I met Sunim in the summer of ’94 when I was teenager. But it wasn’t until several years later — after my undergraduate studies at The University of Oxford, studying meditation, herbs, and cooking in the traditional monasteries of South Korea, and being ordained as a monk — that I returned to Abbot Sunim and The Detroit Zen Center. In 2012, The Detroit Zen Center board and Abbot invited me to become their director and spearhead Sunim’s vision of a sustainable community. The goal was to make a business that would support the Zen Center financially — Zen monks do need to work — but would also be inclusive for all skill levels and provide a useful service. We chose to approach this through food.

Felicia Smith preps food at the Zen Center.

At 4:50 every morning, the wooden clappers of the Zen Center go off and I wake up. After I wash up, I go outside. If it’s raining, I get wet. If it’s cold, I let it sink in for a few moments. I experience myself as a small but connected part of this universe. Some days I garden or do farming, but every day I prepare food.

Through our food business, Living Zen Organics, we make and distribute affordable fresh food, serve farm-to-table organic meals, compost, recycle, use biodegradable packaging, I could go on. We try to hit all the marks. Sometimes we miss, but it’s ok. It isn’t a competition. The value of “sustainable practices” is in the relationships — with ourselves, with others, with the world. How we eat directly impacts our environment. On a global scale, eating a plant-based diet reduces the need for factory farming, a practice that has a devastating impact on the environment at multiple levels. From antibiotic-resistance, to industrial farming for animal feed, to water waste and pollution, to animal treatment. Plants are easier to raise, and to digest.
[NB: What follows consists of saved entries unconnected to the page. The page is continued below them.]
(* [mxfun] evaluates f along an arbitrary spectral decomposition picked by choice;
   its trace nevertheless only depends on the spectrum. *)
Lemma tr_mxfun_orthodiag (R : realType) n (f : R -> R) (U : 'M[R]_n) (g : 'rV[R]_n) :
  U^T *m U = 1%:M -> \tr (mxfun f (U *m diag_mx g *m U^T)) = \sum_i f (g 0 i).
Proof.
move=> UU; rewrite /mxfun; case: pselect => [ex|]; last first.
  by move=> /(_ (ex_intro _ (U, g) (conj UU erefl))).
case: (cid ex) => [[V h] [/= VV gh]] /=.
rewrite mxtrace_mulC mulmxA VV mul1mx mxtrace_diag.
rewrite [LHS](eq_bigr (fun j => f (h 0 j))); last by move=> j _; rewrite mxE.
exact: sum_orthodiag_eq VV UU (esym gh).
Qed.

Lemma tr_mxfun_orthodiag_sub1 (R : realType) n (f : R -> R) (U : 'M[R]_n) (g : 'rV[R]_n) :
  U^T *m U = 1%:M -> \tr (mxfun f (U *m diag_mx g *m U^T) - 1%:M) = \sum_i (f (g 0 i) - 1).
Proof.
by move=> UU; rewrite raddfB /= mxtrace1 tr_mxfun_orthodiag // sumrB sumr_const card_ord.
Qed.

Section RealSpectral.
Variable R : realType.

Lemma tr_col_mulE n (u v : 'cV[R]_n) : (u^T *m v) 0 0 = \sum_i u i 0 * v i 0.
Proof. by rewrite mxE; apply: eq_bigr => i _; rewrite mxE. Qed.

Lemma col_norm_eq0 n (w : 'cV[R]_n) : (w^T *m w) 0 0 = 0 -> w = 0.
Proof.
rewrite tr_col_mulE => /eqP; rewrite psumr_eq0 => [/allP w0|i _]; last first.
  by rewrite -expr2 sqr_ge0.
apply/matrixP => i j; rewrite (ord1 j) mxE.
by have := w0 i (mem_index_enum _); rewrite /= mulf_eq0 orbb => /eqP.
Qed.

Definition reflection n (w : 'cV[R]_n) : 'M[R]_n :=
  1%:M - (2 / (w^T *m w) 0 0) *: (w *m w^T).

Lemma reflection_sym n (w : 'cV[R]_n) : (reflection w)^T = reflection w.
Proof. by rewrite /reflection linearB /= trmx1 linearZ /= trmx_mul trmxK. Qed.

Lemma reflection_invol n (w : 'cV[R]_n) : w != 0 -> reflection w *m reflection w = 1%:M.
Proof.
move=> w_neq0; set s : R := (w^T *m w) 0 0.
have s_neq0 : s != 0 by apply: contra w_neq0 => /eqP/col_norm_eq0 ->.
have wwww : w *m w^T *m (w *m w^T) = s *: (w *m w^T).
  by rewrite mulmxA -(mulmxA w) [w^T *m w]mx11_scalar mul_mx_scalar -scalemxAl.
rewrite /reflection mulmxBl !mulmxBr mul1mx mulmx1 -!scalemxAl -!scalemxAr wwww.
rewrite mul1mx !scalerA (_ : 2 / s * (2 / s) * s = 2 / s + 2 / s); last by field.
by rewrite scalerDl opprB addrK subrK.
Qed.

Lemma reflection_swap n (x e : 'cV[R]_n) : x^T *m x = 1%:M -> e^T *m e = 1%:M ->
  x != e -> reflection (x - e) *m e = x.
Proof.
move=> xx ee x_neq_e; set c : R := (x^T *m e) 0 0.
have xe : x^T *m e = c%:M by rewrite [LHS]mx11_scalar.
have ex : e^T *m x = c%:M by rewrite -[e^T *m x]trmxK trmx_mul trmxK xe tr_scalar_mx.
have trB : (x - e)^T = x^T - e^T by rewrite linearB.
have ww : ((x - e)^T *m (x - e)) 0 0 = 2 - 2 * c.
  by rewrite trB mulmxBl !mulmxBr xx ee xe ex !mxE eqxx /= !mulr1n; lra.
have c_neq1 : 2 - 2 * c != 0.
  by rewrite -ww; apply: contra x_neq_e => /eqP/col_norm_eq0/eqP; rewrite subr_eq0.
have we : (x - e)^T *m e = (c - 1)%:M by rewrite trB mulmxBl xe ee raddfB.
rewrite /reflection mulmxBl mul1mx -scalemxAl -mulmxA we mul_mx_scalar scalerA ww.
rewrite (_ : 2 / (2 - 2 * c) * (c - 1) = -1); last by field.
by rewrite scaleN1r opprK addrC subrK.
Qed.

Lemma unit_col_reflection n (x e : 'cV[R]_n) : x^T *m x = 1%:M -> e^T *m e = 1%:M ->
  exists H : 'M[R]_n, [/\ H^T = H, H *m H = 1%:M & H *m e = x].
Proof.
move=> xx ee; have [-> | x_neq_e] := eqVneq x e.
  by exists 1%:M; rewrite trmx1 !mul1mx.
exists (reflection (x - e)); split; first exact: reflection_sym.
  by apply: reflection_invol; rewrite subr_eq0.
exact: reflection_swap.
Qed.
Flax bread with a sumac-tomato sauce, fresh basil, and sunflower seed cheese; Cauliflower Lasagna Alfredo with baby yukton potatoes.

Yet sustainable practices need to cross socio-economic barriers in order to take root. I consider Felicia, our senior production leader. She began working at Living Zen Organics four years ago.  At first, she turned down eating lunch with the crew. She would go to the corner store and get a Faygo Red Pop and smoke a cigarette. One day I said, “I’m amazed because you’re 20 years older than me, but if I drank soda and had a cigarette for lunch, I’d be in bed!” She laughed, we started talking, and she told me that high fiber meals hurt her teeth, and the dental work needed to fix them was too expensive. One of our members is a dentist, so he helped her out, and now Felicia eats kale salads with the rest of us.

Before our food business, I had no avenue for friendship with Felicia. She’s a black woman from Montgomery, Ala., from a different generation, who moved to Detroit for opportunity 30 years ago. She has had to work hard just to survive. I’m a Scot-Irish-Russian-Korean woman from a more privileged background. Having lived in Detroit, Canada, California, England, Mexico, and Korea, I also chose Detroit for opportunity, and have my own challenges. Both of us, however, need support. Felicia has sensitized me to racial and economic inequality in food access and education. To eat well you need a decent income, a car, and social support. It takes time, money, and know-how to have a proper kitchen. The kids who live across the street from the Zen Center are going to eat a $5 Little Caesars Hot-N-Ready right out of the box. They’re not going to Uber to Midtown for an $8 salad. Access to healthy food and lifestyle is unfortunately easier for those of higher income and educational brackets — the more privileged class. I don’t know how to address that issue, even in our own food business. But how we live and eat as individuals forms a collective reality. We are in this together. Beyond Detroit, to address global concerns, we need healthy and fulfilled individuals. For that, we need nourishing food, people that care, and time to enjoy both of those things together. I hope our work at the Zen Center helps a little.